An inevitable growth of cold chain logistics, but with new constraints

Thus, the development of biotechs, combined with the increase of illnesses requiring heat-sensitive treatments and the tightening up of regulations, has resulted in a clear market increase of cold chain logistics for medicines and other healthcare products in volume.

The market for temperature-controlled logistics for healthcare products could reach 13 billion dollars in 2019, i.e. a 40% increase compared with 2013, resulting in an average of a 14% cost increase for medicine companies in their cold chain management expenditure compared with 2017. 

pharmaceutical logistics, cold-chain transport of medicines, pharmaceutical cold chain

Forecasts of global spending for the biopharmaceutical sector in cold chain logistics for 2019.

 

pharmaceutical transportation, temperature-controlled logistics, biotechnology logistics

Biopharma sector 2015 global spending in temperature-controlled logistics of medicines 

 

A growing awareness among laboratories: transporting temperature-controlled products requires specific equipment (insulated packaging solutions, temperature recorders, cold chambers, refrigerated vehicles, etc.) which makes the logistics expensive, with risks and a potential real environmental impact. 

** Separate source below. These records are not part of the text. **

Lemma score_ge_chain_le K PX g x0 d Q z z' k b : (1 <= K)%nat ->
  chain (fun y => score K PX g x0 d Q z y >= score K PX g x0 d Q z' y) k b ->
  (k <= (K - 1) / 2)%nat.
Proof.
  intros HK H.
  apply (expsum_nonneg_chain_le K (score_coef K PX g x0 d Q z z')
           (fun i => g * xpt x0 d i) k b HK).
  apply chain_iff with (2 := H); intros y.
  assert (E := score_sub K PX g x0 d Q z z' y); assert (C := gauss_factor_pos y).
  split; intros Hy.
  - apply Rnot_lt_le; intros Hneg; nra.
  - nra.
Qed.

Definition others (N z : nat) : list nat := seq 1 (z - 1) ++ seq (S z) (N - z).

Lemma in_others N z z' : (z <= N)%nat ->
  In z' (others N z) <-> (1 <= z' <= N)%nat /\ z' <> z.
Proof.
  intros Hz; unfold others; rewrite in_app_iff, !in_seq; lia.
Qed.

Lemma length_others N z : (1 <= z <= N)%nat -> length (others N z) = (N - 1)%nat.
Proof. intros Hz; unfold others; rewrite length_app, !length_seq; lia. Qed.

Lemma Sset_chain_le K N PX g x0 d Q z k b : (1 <= K)%nat -> (1 <= z <= N)%nat ->
  chain (Sset K N PX g x0 d Q z) k b -> (k <= (N - 1) * ((K - 1) / 2))%nat.
Proof.
  intros HK Hz H.
  set (B := fun z' y => in_range K N PX g x0 d Q z' ->
              score K PX g x0 d Q z y >= score K PX g x0 d Q z' y).
  rewrite <- (length_others N z Hz).
  apply (chain_bigcap B) with b.
  - intros z' k' b' _.
    apply (chain_impl_le (in_range K N PX g x0 d Q z')); intros _ k'' b''.
    apply score_ge_chain_le; auto.
  - apply chain_iff with (2 := H); intros y; unfold Sset, B; split.
    + intros Hy z' Hz' Hr; apply (in_others N z z') in Hz'; [apply Hy; tauto | lia].
    + intros Hy z' Hr Hne; apply Hy; auto.
      apply in_others; [lia | split; [apply Hr | auto]].
Qed.

Theorem theorem1 (K N : nat) (g d x0 : R) (PX : nat -> R) (Z : R -> nat) :
  (2 <= K)%nat -> (1 <= N)%nat -> 0 < g -> 0 < d ->
  (forall i, (i < K)%nat -> 0 < PX i) ->
  sumR K PX = 1 ->
  is_quantizer N Z ->
  (forall Z', is_quantizer N Z' -> MI K N PX g x0 d Z' <= MI K N PX g x0 d Z) ->
  (forall i z, (i < K)%nat -> in_range K N PX g x0 d Z z -> 0 < post K PX g x0 d Z i z) ->
  forall z, in_range K N PX g x0 d Z z ->
    union_disj_intervals ((N - 1) * ((K - 1) / 2) + 1)
      (Sset K N PX g x0 d Z z).
Proof.
  intros HK _ _ _ _ _ _ _ _ z [Hz _].
  apply chain_free_disj_intervals; intros b Hb.
  apply Sset_chain_le in Hb; [lia | lia | auto].
Qed.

In fact, the implementation of cold chain logistics is far from simple. It is necessary to simultaneously bring together risk management, cost control, patient safety and regulatory compliance.

 

So, how to minimize logistical costs while maintaining temperature security? Two popular responses include: the circular economy (for air or road transport), or switching to sea (for air transport). In the following articles, we will expand on these topics of cost reduction and the environmental impact of cold chain logistics.